#### WORK INSTRUCTIONS:
Below are entries; count each line that holds the word "NoOtherBuyer" and report the number without any other words.

#### PROVIDED DATA:
Lemma hbar_n0_low i : (i <= L.+1)%N -> hbar inst n0 i = -1 + wlow * gpt inst n0 i.
Proof.
move=> i_le.
have top_lt : (L.+1 < (Kn inst n0).+1)%N by rewrite Kn_inst ntypes_n0.
have one_sub_cr_gt0 : 0 < 1 - c / r by rewrite subr_gt0 cr_lt1.
have touch0 : -1 + wlow * gpt inst n0 0 = hpt inst n0 0.
  by rewrite gpt_n0 // hpt_n0 // tail0_0 expr0 subrr mulr0 mulr1 addr0.
have touch_top : -1 + wlow * gpt inst n0 L.+1 = hpt inst n0 L.+1.
  rewrite gpt_n0 // hpt_n0 // tail0_top rhoXL /wlow.
  by field; rewrite gt_eqF ?r_gt0 // subr_eq0 gt_eqF // c_lt_r.
pose t := (1 - tail0 i) / (1 - c / r).
have t_in01 : 0 <= t <= 1.
  apply/andP; split; first by rewrite divr_ge0 ?(ltW one_sub_cr_gt0) // subr_ge0 tail0_le1.
  by rewrite /t ler_pdivrMr // mul1r lerD2l lerN2 cr_le_tail0.
have g_comb : (1 - t) * gpt inst n0 0 + t * gpt inst n0 L.+1 = gpt inst n0 i.
  rewrite (gpt_n0 (leq0n _)) (gpt_n0 (leqnSn _)) (gpt_n0 (leqW i_le)).
  by rewrite tail0_0 tail0_top subrr mulr0 add0r /t mulfVK // gt_eqF.
apply: (hbar_supporting_line (j1 := ord0) (j2 := Ordinal top_lt) t_in01 g_comb) => //.
move=> j; have j_le : (j <= L.+2)%N by rewrite -ltnS -ntypes_n0.
case: (ltngtP j L.+1) => [j_lt|j_gt|->]; last by rewrite touch_top.
  rewrite (gpt_n0 j_le) (hpt_n0 j_le) tail0_low // mulfV ?gt_eqF ?exprn_gt0 ?rho_gt0 //.
  rewrite gerDl nmulr_rle0 ?wlow_lt0 // subr_ge0.
  by rewrite invf_le1 ?rhoX_ge1 ?exprn_gt0 ?rho_gt0.
rewrite (gpt_n0 j_le) (hpt_n0 j_le) tail0_out // subr0 mulr0 oppr0 mulr1.
by have := wlow_lt0; lra.
Qed.

Lemma hbar_n0_high i : (L.+1 <= i <= L.+2)%N -> hbar inst n0 i = - r + r * gpt inst n0 i.
Proof.
move=> /andP[i_ge i_le].
apply: hbar_vertex => [|j|]; first by rewrite Kn_inst ntypes_n0.
  have j_le : (j <= L.+2)%N by rewrite -ltnS -ntypes_n0.
  rewrite (gpt_n0 j_le) (hpt_n0 j_le) mulrBr mulr1 addKr lerN2.
  move: j_le; rewrite leq_eqVlt ltnS => /orP[/eqP->|j_le]; first by rewrite tail0_out ?mulr0.
  by rewrite ler_wpM2r ?tail0_ge0 ?rhoX_le_r.
rewrite (gpt_n0 i_le) (hpt_n0 i_le) mulrBr mulr1 addKr.
move: i_ge; rewrite leq_eqVlt => /orP[/eqP<-|i_gt].
  by rewrite tail0_top rhoXL.
by rewrite tail0_out // !mulr0 oppr0.
Qed.

Lemma hbar_other n i : n != n0 -> (i <= 1)%N -> hbar inst n i = -1 + 1 * gpt inst n i.
Proof.
move=> n_neq i_le.
have ntypes_n : Kn inst n = 1%N by rewrite Kn_inst ntypes_other.
apply: hbar_vertex => [|j|]; first by rewrite ntypes_n.
  have j_le : (j <= 1)%N by rewrite -ltnS -ntypes_n.
  rewrite gpt_inst ?hpt_inst ?ntypes_other // typeval_other // tail_other //.
  by rewrite !mul1r addKr.
rewrite gpt_inst ?hpt_inst ?ntypes_other // typeval_other // tail_other //.
by rewrite !mul1r addKr.
Qed.

Lemma wbar_inst n (k : 'I_(Kn inst n)) :
  wbar inst n k = if n == n0 then (if (k : nat) == L.+1 then r else wlow) else 1.
Proof.
have k_lt : (k < ntypes n)%N := ltn_ord k.
have g_neq : gpt inst n k.+1 != gpt inst n k.
  rewrite !gpt_inst ?(ltnW k_lt) //; apply/eqP => g_eq.
  by have := mass_gt0 k_lt; rewrite /mass; lra.
case: eqP => [n_eq|/eqP n_neq]; last first.
  by apply: (wbar_on_line (al := -1)) g_neq _ _; rewrite hbar_other ?type_other.
subst n; move: k_lt; rewrite ntypes_n0 ltnS leq_eqVlt => /orP[/eqP k_top|k_lt].
  rewrite k_top eqxx; apply: (wbar_on_line (al := - r)) g_neq _ _;
    by rewrite hbar_n0_high // k_top ?leqnn ?leqnSn.
by rewrite ltn_eqF //; apply: (wbar_on_line (al := -1)) g_neq _ _; rewrite hbar_n0_low // ltnW.
Qed.

Definition is_top (v : profile inst) : bool := (v n0 : nat) == L.+1.
Definition other_buyer : option 'I_N := [pick n | n != n0].
Definition best (v : profile inst) : option 'I_N := if is_top v then Some n0 else other_buyer.
Definition pi : alloc inst := fun v a => (a == best v)%:R.

(* [other_buyer] is [None] exactly when N = 1. *)
Definition other_value : R := if other_buyer is Some _ then 1 else 0.
Definition best_value (v : profile inst) : R := if is_top v then r else other_value.

Lemma score_inst v a : score inst v a =
  if a is Some n then (if n == n0 then (if is_top v then r else wlow) else 1) else 0.
Proof. by case: a => // n; rewrite /score wbar_inst; case: eqP => // ->. Qed.

Variant other_buyer_spec : option 'I_N -> Type :=
  | OtherBuyer n1 of n1 != n0 : other_buyer_spec (Some n1)
  | NoOtherBuyer of (forall n, n = n0) : other_buyer_spec None.

Lemma other_buyerP : other_buyer_spec other_buyer.
Proof.
rewrite /other_buyer; case: pickP => [n1 n1_neq|all_n0]; first exact: OtherBuyer.
by apply: NoOtherBuyer => n; apply/eqP/negbFE/all_n0.
Qed.

Lemma best_argmax v b : score inst v b <= score inst v (best v).
Proof.
have := wlow_lt0; have := r_gt1.
rewrite !score_inst /best; case: (is_top v).
  by rewrite eqxx; case: b => [n|]; [case: eqP|]; lra.
case: other_buyerP => [n1 n1_neq|all_n0].
  by rewrite (negbTE n1_neq); case: b => [n|]; [case: eqP|]; lra.
by case: b => [n|]; rewrite ?(all_n0 n) ?eqxx; lra.
Qed.

Lemma argmax_value v a : (forall b, score inst v b <= score inst v a) ->
  outcome_value v a = best_value v.
Proof.
move=> a_max; have := wlow_lt0; have := r_gt1.
rewrite /best_value /other_value /outcome_value /=.
case top_v: (is_top v).
  move: (a_max (Some n0)); rewrite !score_inst eqxx top_v.
  case: a {a_max} => [n|]; last lra.
  by case: eqP => [->|_]; rewrite ?typeval_n0 -?rhoXL ?(eqP top_v); lra.
case: other_buyerP => [n1 n1_neq|all_n0].
  move: (a_max (Some n1)); rewrite !score_inst (negbTE n1_neq) top_v.
  case: a {a_max} => [n|]; last lra.
  by case: eqP => [_|/eqP n_neq]; [lra | rewrite typeval_other].
move: (a_max None); rewrite !score_inst.
case: a {a_max} => // n; rewrite (all_n0 n) eqxx top_v; lra.
Qed.

Lemma pi_optimal : is_optimal inst pi.
Proof.
split.
- move=> v; split=> [a|]; first by rewrite ler0n.
  rewrite (bigD1 (best v)) //= /pi eqxx big1 ?addr0 // => a.
  by move/negbTE->.
- move=> v a; rewrite /pi; case: eqP => [-> _|_]; first exact: best_argmax.
  by rewrite ltxx.
- move=> n v v' same_others xv_lt wbar_eq; rewrite /Q /pi.
  case: (Some n =P best v) => [best_v|_]; last by rewrite ler0n.
  suff -> : best v' = Some n by rewrite eqxx.
  move: best_v; rewrite /best; case top_v: (is_top v) => best_v.
    case: best_v => n_eq; subst n; move: xv_lt; rewrite !xv_inst !typeval_n0.
    have top_v' : is_top v'.
      apply/negPn/negP => /negbTE ntop_v'; move: wbar_eq; rewrite !wbar_inst eqxx.
      by move: top_v ntop_v'; rewrite /is_top => -> ->; have := wlow_lt0; have := r_gt1; lra.
    by move: top_v top_v'; rewrite /is_top => /eqP-> /eqP->; rewrite ltxx.
  move: best_v; case: other_buyerP => // n1 n1_neq /= [n_eq]; subst n1.
  by rewrite /is_top -same_others ?(eq_sym n0) // -/(is_top v) top_v.
Qed.

(* Only the type of buyer n0 varies, so profiles are indexed by 'I_L.+2. *)
Definition mkprof (k : 'I_L.+2) : profile inst := [ffun n => inord k].
Definition unprof (v : profile inst) : 'I_L.+2 := inord (v n0).

Lemma mkprof_n0 k : mkprof k n0 = k :> nat.
Proof. by rewrite ffunE inordK // -ntypes_n0. Qed.

Lemma mkprof_other k n : n != n0 -> mkprof k n = 0%N :> nat.
Proof. exact: type_other. Qed.

Lemma mkprofK : cancel mkprof unprof.
Proof. by move=> k; apply: ord_inj; rewrite /unprof mkprof_n0 inordK. Qed.

Lemma unprofK : cancel unprof mkprof.
Proof.
move=> v; apply/ffunP => n; apply: ord_inj.
case: (n =P n0) => [->|/eqP n_neq]; first by rewrite mkprof_n0 inordK ?ltn_ord.
by rewrite !type_other.
Qed.

Lemma sum_profile (F : profile inst -> R) : \sum_v F v = \sum_(k < L.+2) F (mkprof k).
Proof.
by rewrite (reindex mkprof) //; exists unprof => v _; [exact: mkprofK | exact: unprofK].
Qed.

Lemma prob_mkprof k : prob inst (mkprof k) = mass n0 k.
Proof.
rewrite /prob (bigD1 n0) //= mkprof_n0 big1 ?mulr1 // => n n_neq.
by rewrite mkprof_other // /mass !tail_other //= subr0.
Qed.

Lemma pi_tilde_opt : is_tilde_opt inst pi.
Proof. by have [] := tilde_opt_of_argmax_value pi_optimal argmax_value. Qed.

Lemma welfare_pi : welfare inst pi = c + other_value * (1 - c / r).
Proof.
have [_ ->] := tilde_opt_of_argmax_value pi_optimal argmax_value.
rewrite sum_profile big_ord_recr /= /best_value /is_top !mkprof_n0 eqxx.
under eq_bigr => k _ do rewrite prob_mkprof mkprof_n0 (ltn_eqF (ltn_ord k)).
rewrite -big_distrl /= sum_mass_lt prob_mkprof /mass !tail_n0 tail0_top tail0_out //.
by rewrite subr0 divfK ?gt_eqF ?r_gt0 // addrC mulrC.
Qed.

Lemma max_typeval_mkprof k : \big[Num.max/0]_n typeval n (mkprof k n) = rho ^+ k.
Proof.
apply/le_anti/andP; split.
  apply: bigmax_le => [|n _]; first by rewrite exprn_ge0 ?ltW ?rho_gt0.
  case: (n =P n0) => [->|/eqP n_neq]; first by rewrite typeval_n0 mkprof_n0.
  by rewrite typeval_other ?rhoX_ge1.
by have := le_bigmax 0 (fun n => typeval n (mkprof k n)) n0; rewrite typeval_n0 mkprof_n0.
Qed.

Lemma mass_typeval_n0 k : (k < L)%N -> mass n0 k * rho ^+ k = 1 - rho^-1.
Proof.
move=> k_lt; have rhoXk_neq0 : rho ^+ k != 0 by rewrite gt_eqF ?exprn_gt0 ?rho_gt0.
rewrite /mass !tail_n0 (tail0_low (ltnW k_lt)) (tail0_low k_lt) exprS.
by field; rewrite rhoXk_neq0 gt_eqF ?rho_gt0.
Qed.

Lemma MSW_inst : MSW inst = 1 + L.+1%:R * (1 - rho^-1) + (c - 1) * (1 - rho^-1).
Proof.
rewrite /MSW sum_profile.
under eq_bigr => k _ do rewrite prob_mkprof max_typeval_mkprof.
rewrite !big_ord_recr /= (eq_bigr _ (fun k _ => mass_typeval_n0 (ltn_ord k))).
rewrite sumr_const card_ord /mass !tail_n0 tail0_top (tail0_low (leqnn L)) tail0_out //.
rewrite -rhoXL exprS -mulr_natl -natr1.
have rhoXL_neq0 : rho ^+ L != 0 by rewrite gt_eqF ?exprn_gt0 ?rho_gt0.
by field; rewrite rhoXL_neq0 gt_eqF ?rho_gt0.
Qed.

Lemma inst_in_D : in_D r L.+2 inst.
Proof.
have typeval_ge1 n j : 1 <= typeval n j.
  by rewrite /typeval; case: (n == n0); rewrite ?rhoX_ge1.
have typeval_le_r n (j : 'I_(Kn inst n)) : typeval n j <= r.
  rewrite /typeval; case: (n =P n0) => [n_eq|_]; last exact: ltW r_gt1.
  by rewrite rhoX_le_r // -ltnS -ntypes_n0 -n_eq ltn_ord.
split=> [n|n m i j].
  split; last by split=> [i|]; [exact: mass_gt0 | exact: sum_mass].
  split=> [||i|i j ij_lt] //.
  - by rewrite Kn_inst /ntypes; case: (n == n0).
  - exact: lt_le_trans ltr01 (typeval_ge1 _ _).
  rewrite !xv_inst /typeval; case: (n =P n0) => [n_eq|n_neq]; first by rewrite ltr_eXn2l.
  by move: ij_lt; rewrite (type_other j) ?ltn0 //; apply/eqP.
rewrite !xv_inst ler_pdivrMr ?(lt_le_trans ltr01 (typeval_ge1 _ _)) //.
by rewrite (le_trans (typeval_le_r n i)) // ler_peMr ?(ltW r_gt0) ?typeval_ge1.
Qed.

Lemma ELR_pi_gt eps : 0 < eps -> c < 1 + eps ->
  (L.+1%:R * (1 - rho^-1) - (1 - r^-1)) / (1 + L.+1%:R * (1 - rho^-1)) - eps < ELR inst pi.
Proof.
move=> eps_gt0 c_lt; rewrite /ELR welfare_pi MSW_inst.
have rhoV_lt1 : rho^-1 < 1 by rewrite invf_lt1 ?rho_gt0.
have one_sub_cr_gt0 : 0 < 1 - c / r by rewrite subr_gt0 cr_lt1.
have [ov_ge0 ov_le1] : 0 <= other_value /\ other_value <= 1.
  by rewrite /other_value; case: other_buyer; rewrite ?ler01 ?lexx.
apply: loss_ratio_gt c_lt eps_gt0; first exact: r_gt1.
- by rewrite mulr_ge0 ?ler0n // subr_ge0 ltW.
- by rewrite mulr_ge0 // subr_ge0 ltW.
- by rewrite addr_ge0 ?mulr_ge0 ?(ltW c_gt0) ?(ltW one_sub_cr_gt0).
- have -> : 1 + c * (1 - r^-1) = c + (1 - c / r) by ring.
  by rewrite lerD2l ler_piMl ?(ltW one_sub_cr_gt0).
Qed.

End EqualRevenueInstance.

Theorem proposition9 (R : realType) (r : R) (N K : nat) :
  1 < r -> (1 <= N)%N -> (2 <= K)%N ->
  forall eps : R, 0 < eps ->
  exists I : instance R N, in_D r K I /\
    exists pi : alloc I, is_tilde_opt I pi /\
      (gamma_star r K - (1 - r^-1)) / (1 + gamma_star r K) - eps < ELR I pi.
Proof.
move=> r_gt1 N_gt0 K_ge2 eps eps_gt0.
case: K K_ge2 => [|[|L]] // _.
pose rho := powR r L.+1%:R^-1.
have r_ge0 : 0 <= r by rewrite ltW // (lt_trans ltr01).
have rhoXL : rho ^+ L.+1 = r.
  by rewrite /rho -powR_mulrn ?powR_ge0 // -powRrM mulVf ?pnatr_eq0 // powRr1.
have rho_gt1 : 1 < rho by rewrite -(expr_gt1 (ltn0Sn L) (powR_ge0 _ _)) rhoXL.
pose c := 1 + Num.min eps (rho - 1) / 2.
have min_gt0 : 0 < Num.min eps (rho - 1) by rewrite lt_min eps_gt0 subr_gt0 rho_gt1.
have min_le : Num.min eps (rho - 1) <= eps /\ Num.min eps (rho - 1) <= rho - 1.
  by split; rewrite ge_min lexx ?orbT.
have c_gt1 : 1 < c by rewrite /c; lra.
have c_lt_rho : c < rho by rewrite /c; lra.
have c_lt : c < 1 + eps by rewrite /c; lra.
exists (inst r L rho c N_gt0); split; first exact: inst_in_D.
exists (@pi _ r _ L rho c N_gt0); split; first exact: pi_tilde_opt.
by rewrite /gamma_star /= powRN -/rho; apply: ELR_pi_gt.
Qed.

#### SOLUTION TO THIS TASK:
2